- PROBLEM -
Look through the entries below for the string "Implicit", and copy each line where it is found.
################
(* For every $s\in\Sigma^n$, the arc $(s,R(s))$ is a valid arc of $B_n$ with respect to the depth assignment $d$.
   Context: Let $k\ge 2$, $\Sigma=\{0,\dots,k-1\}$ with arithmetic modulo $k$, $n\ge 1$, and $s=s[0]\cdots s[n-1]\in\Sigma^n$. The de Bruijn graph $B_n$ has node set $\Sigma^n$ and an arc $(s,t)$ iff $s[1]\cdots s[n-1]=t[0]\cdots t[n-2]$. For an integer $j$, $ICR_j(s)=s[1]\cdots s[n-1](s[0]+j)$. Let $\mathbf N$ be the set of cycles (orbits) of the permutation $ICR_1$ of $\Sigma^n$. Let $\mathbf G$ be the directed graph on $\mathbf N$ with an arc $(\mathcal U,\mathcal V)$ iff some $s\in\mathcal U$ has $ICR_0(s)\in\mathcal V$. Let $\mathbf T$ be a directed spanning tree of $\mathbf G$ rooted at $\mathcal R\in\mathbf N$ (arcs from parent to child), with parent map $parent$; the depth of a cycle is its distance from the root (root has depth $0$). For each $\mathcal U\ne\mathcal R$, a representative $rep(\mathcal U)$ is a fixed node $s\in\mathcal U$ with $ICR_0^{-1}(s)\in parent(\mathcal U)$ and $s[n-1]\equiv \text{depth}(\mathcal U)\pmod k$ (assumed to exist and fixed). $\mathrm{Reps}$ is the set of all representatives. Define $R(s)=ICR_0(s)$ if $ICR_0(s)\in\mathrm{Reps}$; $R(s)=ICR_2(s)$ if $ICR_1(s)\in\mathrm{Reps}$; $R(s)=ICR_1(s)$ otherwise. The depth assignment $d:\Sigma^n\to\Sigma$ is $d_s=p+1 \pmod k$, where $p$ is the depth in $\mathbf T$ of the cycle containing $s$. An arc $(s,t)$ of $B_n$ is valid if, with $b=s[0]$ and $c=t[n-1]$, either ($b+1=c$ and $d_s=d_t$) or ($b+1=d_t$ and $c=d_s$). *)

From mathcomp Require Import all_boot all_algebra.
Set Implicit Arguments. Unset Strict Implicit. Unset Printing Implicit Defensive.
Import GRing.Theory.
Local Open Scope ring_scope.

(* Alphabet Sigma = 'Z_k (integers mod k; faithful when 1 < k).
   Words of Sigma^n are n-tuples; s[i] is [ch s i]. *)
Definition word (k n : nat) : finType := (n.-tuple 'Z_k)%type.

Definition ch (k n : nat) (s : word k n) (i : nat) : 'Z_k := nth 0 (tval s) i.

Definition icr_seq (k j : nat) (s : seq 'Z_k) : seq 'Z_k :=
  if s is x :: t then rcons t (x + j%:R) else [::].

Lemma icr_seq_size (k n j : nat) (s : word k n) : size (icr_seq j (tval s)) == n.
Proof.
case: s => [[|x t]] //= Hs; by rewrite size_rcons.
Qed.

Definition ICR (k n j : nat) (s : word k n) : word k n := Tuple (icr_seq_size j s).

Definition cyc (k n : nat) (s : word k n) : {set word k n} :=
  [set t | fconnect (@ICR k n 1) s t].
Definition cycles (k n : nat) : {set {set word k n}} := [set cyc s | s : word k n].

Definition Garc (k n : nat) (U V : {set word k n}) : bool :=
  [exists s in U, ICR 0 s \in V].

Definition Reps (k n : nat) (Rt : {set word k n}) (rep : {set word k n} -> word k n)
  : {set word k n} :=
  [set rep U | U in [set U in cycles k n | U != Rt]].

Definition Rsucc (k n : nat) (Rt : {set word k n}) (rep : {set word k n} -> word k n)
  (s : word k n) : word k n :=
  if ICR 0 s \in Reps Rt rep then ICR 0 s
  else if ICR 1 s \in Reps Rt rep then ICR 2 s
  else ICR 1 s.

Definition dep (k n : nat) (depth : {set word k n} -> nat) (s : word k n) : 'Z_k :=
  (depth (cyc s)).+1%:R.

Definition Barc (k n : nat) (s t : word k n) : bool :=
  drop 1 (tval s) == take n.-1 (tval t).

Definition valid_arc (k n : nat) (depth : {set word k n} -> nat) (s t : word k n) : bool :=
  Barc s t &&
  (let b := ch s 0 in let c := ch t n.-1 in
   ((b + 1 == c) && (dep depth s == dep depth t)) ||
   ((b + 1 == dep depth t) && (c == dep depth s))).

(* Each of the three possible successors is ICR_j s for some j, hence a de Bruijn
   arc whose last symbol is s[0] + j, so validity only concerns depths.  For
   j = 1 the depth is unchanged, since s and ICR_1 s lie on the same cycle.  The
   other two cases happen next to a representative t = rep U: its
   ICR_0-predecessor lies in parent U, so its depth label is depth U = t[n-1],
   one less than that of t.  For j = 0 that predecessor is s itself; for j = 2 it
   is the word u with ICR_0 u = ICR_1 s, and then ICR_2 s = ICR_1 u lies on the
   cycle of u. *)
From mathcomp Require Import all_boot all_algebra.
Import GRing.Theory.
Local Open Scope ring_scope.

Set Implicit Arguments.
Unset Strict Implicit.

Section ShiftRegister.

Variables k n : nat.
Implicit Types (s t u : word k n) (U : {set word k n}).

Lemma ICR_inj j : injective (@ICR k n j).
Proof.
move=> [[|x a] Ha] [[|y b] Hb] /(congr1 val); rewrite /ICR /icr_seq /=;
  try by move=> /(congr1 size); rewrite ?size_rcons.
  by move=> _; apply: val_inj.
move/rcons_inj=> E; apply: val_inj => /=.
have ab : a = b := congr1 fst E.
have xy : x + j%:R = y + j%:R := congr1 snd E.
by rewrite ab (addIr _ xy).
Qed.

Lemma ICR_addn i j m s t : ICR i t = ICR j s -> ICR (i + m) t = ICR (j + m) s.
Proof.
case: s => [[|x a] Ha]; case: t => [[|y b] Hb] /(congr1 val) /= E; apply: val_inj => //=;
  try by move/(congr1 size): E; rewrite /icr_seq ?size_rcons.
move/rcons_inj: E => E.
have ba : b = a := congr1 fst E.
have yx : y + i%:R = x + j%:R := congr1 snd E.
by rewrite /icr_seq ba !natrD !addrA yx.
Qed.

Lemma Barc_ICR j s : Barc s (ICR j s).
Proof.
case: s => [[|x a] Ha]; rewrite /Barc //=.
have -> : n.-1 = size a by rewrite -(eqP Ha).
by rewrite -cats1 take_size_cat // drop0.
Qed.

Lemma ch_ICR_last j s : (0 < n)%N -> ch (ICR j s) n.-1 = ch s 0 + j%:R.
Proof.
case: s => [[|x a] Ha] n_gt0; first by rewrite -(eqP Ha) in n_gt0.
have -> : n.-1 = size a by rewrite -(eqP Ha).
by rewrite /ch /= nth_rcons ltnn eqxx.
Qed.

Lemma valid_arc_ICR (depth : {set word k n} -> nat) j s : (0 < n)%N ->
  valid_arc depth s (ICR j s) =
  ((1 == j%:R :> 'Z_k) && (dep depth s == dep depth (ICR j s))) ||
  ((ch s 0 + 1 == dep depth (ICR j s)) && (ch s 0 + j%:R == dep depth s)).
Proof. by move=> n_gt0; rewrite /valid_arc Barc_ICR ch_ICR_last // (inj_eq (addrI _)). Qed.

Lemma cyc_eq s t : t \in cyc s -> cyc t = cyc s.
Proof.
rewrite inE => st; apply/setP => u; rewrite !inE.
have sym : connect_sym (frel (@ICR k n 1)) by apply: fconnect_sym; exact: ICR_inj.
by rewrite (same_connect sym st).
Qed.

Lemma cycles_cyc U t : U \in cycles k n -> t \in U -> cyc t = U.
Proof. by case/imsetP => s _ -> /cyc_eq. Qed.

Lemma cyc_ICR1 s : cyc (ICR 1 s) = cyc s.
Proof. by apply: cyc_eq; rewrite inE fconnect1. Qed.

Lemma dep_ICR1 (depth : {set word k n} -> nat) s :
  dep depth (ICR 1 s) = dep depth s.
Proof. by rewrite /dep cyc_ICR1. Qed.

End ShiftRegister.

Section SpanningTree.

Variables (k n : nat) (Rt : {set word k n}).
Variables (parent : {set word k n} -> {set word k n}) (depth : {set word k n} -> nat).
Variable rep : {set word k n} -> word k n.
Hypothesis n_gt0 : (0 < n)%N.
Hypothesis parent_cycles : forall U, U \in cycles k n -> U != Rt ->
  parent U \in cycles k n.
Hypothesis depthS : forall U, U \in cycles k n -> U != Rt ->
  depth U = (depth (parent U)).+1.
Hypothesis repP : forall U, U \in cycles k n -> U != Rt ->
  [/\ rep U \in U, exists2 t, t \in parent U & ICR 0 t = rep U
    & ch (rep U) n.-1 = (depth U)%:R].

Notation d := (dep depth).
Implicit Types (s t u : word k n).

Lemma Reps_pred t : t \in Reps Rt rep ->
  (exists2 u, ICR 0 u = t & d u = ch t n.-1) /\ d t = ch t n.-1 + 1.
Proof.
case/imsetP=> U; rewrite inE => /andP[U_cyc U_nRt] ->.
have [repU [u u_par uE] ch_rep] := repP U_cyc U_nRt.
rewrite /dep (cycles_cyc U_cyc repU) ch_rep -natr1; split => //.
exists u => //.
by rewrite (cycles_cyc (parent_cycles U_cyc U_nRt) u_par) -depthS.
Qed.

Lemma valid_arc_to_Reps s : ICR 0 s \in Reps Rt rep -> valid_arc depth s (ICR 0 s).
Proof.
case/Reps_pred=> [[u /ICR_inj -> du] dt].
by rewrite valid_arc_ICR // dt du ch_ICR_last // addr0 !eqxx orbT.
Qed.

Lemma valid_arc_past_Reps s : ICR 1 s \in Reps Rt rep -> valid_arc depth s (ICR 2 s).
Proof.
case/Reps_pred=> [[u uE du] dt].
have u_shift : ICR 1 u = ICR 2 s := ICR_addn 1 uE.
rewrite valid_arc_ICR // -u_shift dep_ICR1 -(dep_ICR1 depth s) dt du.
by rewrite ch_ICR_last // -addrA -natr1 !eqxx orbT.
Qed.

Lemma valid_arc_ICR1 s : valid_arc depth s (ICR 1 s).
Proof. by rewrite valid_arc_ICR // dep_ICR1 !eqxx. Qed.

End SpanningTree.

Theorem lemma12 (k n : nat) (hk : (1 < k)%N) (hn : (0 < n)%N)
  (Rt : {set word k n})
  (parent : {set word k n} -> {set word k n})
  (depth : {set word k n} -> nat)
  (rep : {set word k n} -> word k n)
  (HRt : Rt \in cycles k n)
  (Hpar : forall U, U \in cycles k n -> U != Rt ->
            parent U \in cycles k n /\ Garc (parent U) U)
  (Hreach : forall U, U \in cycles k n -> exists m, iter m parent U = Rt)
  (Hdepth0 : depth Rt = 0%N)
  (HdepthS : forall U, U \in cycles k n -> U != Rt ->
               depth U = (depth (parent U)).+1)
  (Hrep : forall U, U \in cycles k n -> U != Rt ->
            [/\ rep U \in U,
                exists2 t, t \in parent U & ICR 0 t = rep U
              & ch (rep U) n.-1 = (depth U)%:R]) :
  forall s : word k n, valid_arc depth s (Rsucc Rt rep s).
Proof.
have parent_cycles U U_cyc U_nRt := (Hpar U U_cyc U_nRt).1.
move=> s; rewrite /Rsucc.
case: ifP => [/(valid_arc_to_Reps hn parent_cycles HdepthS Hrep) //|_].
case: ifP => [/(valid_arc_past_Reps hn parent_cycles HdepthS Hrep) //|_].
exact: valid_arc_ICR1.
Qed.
################
- REPLY TO THE TASK -
Set Implicit Arguments. Unset Strict Implicit. Unset Printing Implicit Defensive.
Set Implicit Arguments.
Unset Strict Implicit.
Implicit Types (s t u : word k n) (U : {set word k n}).
Implicit Types (s t u : word k n).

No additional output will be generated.